-- Supplied material follows --

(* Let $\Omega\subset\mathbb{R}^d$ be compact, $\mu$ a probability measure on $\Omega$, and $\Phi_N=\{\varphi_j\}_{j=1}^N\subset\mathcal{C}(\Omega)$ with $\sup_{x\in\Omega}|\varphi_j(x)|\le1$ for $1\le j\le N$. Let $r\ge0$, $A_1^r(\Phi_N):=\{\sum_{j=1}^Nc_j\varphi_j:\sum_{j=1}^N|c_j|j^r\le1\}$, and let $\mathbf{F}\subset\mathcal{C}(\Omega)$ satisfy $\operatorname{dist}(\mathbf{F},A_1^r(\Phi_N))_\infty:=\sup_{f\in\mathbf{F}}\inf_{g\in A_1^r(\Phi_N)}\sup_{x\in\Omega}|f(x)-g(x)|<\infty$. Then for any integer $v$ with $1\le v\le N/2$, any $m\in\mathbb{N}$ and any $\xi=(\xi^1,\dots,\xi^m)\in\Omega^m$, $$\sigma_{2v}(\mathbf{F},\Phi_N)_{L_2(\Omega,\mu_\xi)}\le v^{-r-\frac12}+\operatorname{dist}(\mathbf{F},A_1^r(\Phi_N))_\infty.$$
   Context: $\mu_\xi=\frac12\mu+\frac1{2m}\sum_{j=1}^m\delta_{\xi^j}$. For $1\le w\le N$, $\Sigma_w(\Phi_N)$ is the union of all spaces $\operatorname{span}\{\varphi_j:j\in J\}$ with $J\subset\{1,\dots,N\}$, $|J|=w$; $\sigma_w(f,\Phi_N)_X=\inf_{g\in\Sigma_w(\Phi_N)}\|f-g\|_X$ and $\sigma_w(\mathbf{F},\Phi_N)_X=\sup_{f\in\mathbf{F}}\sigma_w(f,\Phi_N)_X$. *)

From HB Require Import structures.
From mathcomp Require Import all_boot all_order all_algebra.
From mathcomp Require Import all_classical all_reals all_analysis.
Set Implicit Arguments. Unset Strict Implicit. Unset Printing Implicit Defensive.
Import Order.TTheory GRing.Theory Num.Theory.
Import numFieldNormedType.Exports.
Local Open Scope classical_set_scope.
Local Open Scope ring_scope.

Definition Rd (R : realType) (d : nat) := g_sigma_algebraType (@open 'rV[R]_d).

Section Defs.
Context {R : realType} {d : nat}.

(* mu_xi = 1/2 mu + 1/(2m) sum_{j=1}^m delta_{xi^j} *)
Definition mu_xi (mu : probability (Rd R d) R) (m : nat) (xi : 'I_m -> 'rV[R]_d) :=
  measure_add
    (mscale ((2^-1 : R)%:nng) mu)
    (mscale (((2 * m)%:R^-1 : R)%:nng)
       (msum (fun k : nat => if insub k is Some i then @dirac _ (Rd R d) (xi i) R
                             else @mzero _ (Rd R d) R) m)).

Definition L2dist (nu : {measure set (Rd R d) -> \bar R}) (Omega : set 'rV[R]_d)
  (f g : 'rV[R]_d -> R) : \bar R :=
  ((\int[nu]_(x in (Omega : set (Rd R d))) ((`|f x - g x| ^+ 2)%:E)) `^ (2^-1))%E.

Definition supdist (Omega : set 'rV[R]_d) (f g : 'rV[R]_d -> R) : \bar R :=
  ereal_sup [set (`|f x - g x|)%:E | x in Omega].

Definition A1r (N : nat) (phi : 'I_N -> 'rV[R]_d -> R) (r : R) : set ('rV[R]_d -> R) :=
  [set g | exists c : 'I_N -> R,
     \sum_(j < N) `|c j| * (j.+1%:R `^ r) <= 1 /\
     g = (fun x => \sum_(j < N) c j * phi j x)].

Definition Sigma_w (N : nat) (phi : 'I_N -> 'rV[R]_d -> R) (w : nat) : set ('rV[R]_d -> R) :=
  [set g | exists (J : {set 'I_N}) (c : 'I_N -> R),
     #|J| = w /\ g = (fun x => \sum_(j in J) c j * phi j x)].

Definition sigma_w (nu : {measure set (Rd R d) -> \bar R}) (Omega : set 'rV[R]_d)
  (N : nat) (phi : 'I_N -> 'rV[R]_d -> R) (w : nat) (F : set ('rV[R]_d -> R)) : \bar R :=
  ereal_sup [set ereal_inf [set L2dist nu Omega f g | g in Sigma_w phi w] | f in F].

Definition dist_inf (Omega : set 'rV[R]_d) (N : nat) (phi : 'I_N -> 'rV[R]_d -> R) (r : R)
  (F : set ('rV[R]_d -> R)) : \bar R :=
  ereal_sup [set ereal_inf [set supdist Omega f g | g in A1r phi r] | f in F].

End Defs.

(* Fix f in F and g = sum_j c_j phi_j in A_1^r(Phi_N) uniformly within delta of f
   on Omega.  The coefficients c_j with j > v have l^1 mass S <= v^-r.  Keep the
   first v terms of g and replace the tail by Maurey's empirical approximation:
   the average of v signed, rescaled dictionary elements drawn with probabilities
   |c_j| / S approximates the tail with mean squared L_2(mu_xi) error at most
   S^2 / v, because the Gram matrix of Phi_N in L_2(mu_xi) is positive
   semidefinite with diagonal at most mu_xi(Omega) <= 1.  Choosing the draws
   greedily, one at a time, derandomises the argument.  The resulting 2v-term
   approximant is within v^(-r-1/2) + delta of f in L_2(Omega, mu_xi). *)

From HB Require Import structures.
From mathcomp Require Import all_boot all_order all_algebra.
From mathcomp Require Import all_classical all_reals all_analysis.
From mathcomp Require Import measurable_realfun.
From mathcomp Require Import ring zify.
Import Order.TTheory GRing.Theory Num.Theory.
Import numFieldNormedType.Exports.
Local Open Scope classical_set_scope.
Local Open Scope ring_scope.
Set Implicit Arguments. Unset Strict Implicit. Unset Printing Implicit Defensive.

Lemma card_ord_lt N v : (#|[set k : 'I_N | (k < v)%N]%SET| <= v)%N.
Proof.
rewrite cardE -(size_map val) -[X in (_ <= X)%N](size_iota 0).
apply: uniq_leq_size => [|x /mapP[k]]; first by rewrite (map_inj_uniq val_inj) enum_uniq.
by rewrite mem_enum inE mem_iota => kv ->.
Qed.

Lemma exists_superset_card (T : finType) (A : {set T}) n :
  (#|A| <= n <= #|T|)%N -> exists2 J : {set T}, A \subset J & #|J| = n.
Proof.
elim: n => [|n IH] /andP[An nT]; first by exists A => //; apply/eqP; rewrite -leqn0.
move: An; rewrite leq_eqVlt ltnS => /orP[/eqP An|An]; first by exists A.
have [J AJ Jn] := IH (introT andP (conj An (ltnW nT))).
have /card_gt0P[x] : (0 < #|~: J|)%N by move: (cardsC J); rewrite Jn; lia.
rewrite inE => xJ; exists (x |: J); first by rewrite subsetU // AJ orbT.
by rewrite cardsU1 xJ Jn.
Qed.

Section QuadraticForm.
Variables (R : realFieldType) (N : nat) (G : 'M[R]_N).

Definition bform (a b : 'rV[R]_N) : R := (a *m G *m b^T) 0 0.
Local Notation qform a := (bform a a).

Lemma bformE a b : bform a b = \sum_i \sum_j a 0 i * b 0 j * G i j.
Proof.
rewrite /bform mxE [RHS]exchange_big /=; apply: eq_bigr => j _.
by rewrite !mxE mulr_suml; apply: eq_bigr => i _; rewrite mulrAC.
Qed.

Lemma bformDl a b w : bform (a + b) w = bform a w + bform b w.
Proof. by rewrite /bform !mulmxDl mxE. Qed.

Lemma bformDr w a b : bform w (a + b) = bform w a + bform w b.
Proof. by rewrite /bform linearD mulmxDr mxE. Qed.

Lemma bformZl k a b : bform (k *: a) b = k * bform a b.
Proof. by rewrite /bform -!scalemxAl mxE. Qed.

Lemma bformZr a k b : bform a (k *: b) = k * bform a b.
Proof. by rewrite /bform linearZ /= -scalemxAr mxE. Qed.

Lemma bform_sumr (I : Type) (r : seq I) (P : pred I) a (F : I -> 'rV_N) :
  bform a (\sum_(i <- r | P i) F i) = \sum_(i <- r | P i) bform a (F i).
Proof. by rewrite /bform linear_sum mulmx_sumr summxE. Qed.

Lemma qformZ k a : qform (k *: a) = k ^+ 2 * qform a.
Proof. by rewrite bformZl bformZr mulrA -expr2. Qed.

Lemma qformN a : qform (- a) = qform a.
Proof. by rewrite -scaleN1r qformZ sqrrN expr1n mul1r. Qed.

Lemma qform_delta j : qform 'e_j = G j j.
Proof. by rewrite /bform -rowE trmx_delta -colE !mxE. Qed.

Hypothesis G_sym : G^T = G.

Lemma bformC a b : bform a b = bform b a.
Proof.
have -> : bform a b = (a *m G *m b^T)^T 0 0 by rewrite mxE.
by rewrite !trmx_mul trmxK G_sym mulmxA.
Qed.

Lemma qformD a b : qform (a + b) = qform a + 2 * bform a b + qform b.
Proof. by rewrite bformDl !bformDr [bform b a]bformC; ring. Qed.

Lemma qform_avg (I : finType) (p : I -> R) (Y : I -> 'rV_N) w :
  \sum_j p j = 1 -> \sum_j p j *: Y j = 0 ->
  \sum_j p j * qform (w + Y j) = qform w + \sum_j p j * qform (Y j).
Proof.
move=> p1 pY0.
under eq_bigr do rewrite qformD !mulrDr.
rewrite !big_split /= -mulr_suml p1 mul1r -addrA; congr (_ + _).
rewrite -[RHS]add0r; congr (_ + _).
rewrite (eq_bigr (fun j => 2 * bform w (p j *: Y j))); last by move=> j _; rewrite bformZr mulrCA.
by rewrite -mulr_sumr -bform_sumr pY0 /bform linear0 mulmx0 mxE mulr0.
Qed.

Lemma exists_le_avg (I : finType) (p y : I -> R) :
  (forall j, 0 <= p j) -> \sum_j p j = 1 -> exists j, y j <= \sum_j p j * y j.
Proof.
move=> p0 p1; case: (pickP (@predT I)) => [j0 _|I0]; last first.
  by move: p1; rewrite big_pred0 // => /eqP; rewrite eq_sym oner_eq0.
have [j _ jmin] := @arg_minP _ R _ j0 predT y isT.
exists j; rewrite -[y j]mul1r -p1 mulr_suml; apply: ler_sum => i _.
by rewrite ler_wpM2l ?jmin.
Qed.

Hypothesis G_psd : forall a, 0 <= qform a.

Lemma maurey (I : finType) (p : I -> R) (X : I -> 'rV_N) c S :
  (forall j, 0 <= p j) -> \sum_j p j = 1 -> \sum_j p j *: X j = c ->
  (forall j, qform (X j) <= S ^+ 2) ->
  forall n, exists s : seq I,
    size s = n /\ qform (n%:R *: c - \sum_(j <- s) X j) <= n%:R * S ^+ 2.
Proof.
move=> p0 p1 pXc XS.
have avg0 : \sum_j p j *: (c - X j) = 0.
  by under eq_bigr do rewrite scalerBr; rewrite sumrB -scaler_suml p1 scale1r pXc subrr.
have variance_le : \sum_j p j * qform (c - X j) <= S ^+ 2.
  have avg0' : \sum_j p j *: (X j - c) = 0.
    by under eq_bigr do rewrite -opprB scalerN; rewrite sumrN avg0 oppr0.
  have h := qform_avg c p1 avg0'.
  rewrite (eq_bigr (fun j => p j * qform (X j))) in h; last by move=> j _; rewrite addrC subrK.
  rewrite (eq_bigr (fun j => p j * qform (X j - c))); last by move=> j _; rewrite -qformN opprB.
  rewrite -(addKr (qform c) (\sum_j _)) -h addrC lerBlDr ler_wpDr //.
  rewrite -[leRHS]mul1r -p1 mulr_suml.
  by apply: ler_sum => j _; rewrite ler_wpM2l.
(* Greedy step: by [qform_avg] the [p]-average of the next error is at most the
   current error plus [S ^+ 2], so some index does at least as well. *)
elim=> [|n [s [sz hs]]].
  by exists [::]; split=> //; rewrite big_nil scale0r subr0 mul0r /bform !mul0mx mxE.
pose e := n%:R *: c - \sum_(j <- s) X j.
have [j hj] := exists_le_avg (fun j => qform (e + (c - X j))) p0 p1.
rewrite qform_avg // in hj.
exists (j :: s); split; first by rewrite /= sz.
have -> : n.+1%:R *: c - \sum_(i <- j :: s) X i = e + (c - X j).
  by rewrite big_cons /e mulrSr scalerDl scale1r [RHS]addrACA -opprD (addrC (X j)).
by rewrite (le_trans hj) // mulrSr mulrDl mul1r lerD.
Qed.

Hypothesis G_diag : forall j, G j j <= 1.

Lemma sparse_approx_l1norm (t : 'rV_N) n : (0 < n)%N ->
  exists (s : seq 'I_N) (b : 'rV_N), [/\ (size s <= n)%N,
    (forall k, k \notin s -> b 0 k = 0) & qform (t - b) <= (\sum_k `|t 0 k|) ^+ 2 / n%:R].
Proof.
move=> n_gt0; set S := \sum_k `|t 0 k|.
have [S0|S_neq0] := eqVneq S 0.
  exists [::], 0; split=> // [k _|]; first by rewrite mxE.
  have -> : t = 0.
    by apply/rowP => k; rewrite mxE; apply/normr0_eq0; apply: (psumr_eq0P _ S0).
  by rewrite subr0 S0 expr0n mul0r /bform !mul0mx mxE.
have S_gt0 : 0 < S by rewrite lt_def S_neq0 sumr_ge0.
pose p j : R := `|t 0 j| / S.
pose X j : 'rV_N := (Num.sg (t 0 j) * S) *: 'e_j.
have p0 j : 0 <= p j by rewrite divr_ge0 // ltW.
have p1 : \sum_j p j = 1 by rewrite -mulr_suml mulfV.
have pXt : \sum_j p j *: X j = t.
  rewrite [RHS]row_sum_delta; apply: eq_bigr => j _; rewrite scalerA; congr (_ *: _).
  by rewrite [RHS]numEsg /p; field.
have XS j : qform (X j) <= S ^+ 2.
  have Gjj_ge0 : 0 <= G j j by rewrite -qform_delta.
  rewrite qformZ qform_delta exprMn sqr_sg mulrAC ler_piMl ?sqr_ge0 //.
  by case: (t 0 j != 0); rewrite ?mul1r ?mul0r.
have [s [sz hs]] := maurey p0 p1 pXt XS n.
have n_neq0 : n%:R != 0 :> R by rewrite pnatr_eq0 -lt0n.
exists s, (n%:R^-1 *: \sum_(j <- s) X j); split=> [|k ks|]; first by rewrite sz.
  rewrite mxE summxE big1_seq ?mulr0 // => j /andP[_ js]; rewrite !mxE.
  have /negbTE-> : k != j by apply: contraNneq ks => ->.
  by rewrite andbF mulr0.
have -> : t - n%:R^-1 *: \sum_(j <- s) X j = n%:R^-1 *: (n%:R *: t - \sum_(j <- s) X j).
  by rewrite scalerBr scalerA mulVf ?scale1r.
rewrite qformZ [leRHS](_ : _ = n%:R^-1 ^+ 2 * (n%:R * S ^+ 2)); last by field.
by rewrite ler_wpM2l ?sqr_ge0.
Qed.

-- Supplied material concluded --

Your task: Wherever the word "leRHS" occurs in a line of the listing, copy that line.

Exercise output:
  rewrite -[leRHS]mul1r -p1 mulr_suml.
rewrite qformZ [leRHS](_ : _ = n%:R^-1 ^+ 2 * (n%:R * S ^+ 2)); last by field.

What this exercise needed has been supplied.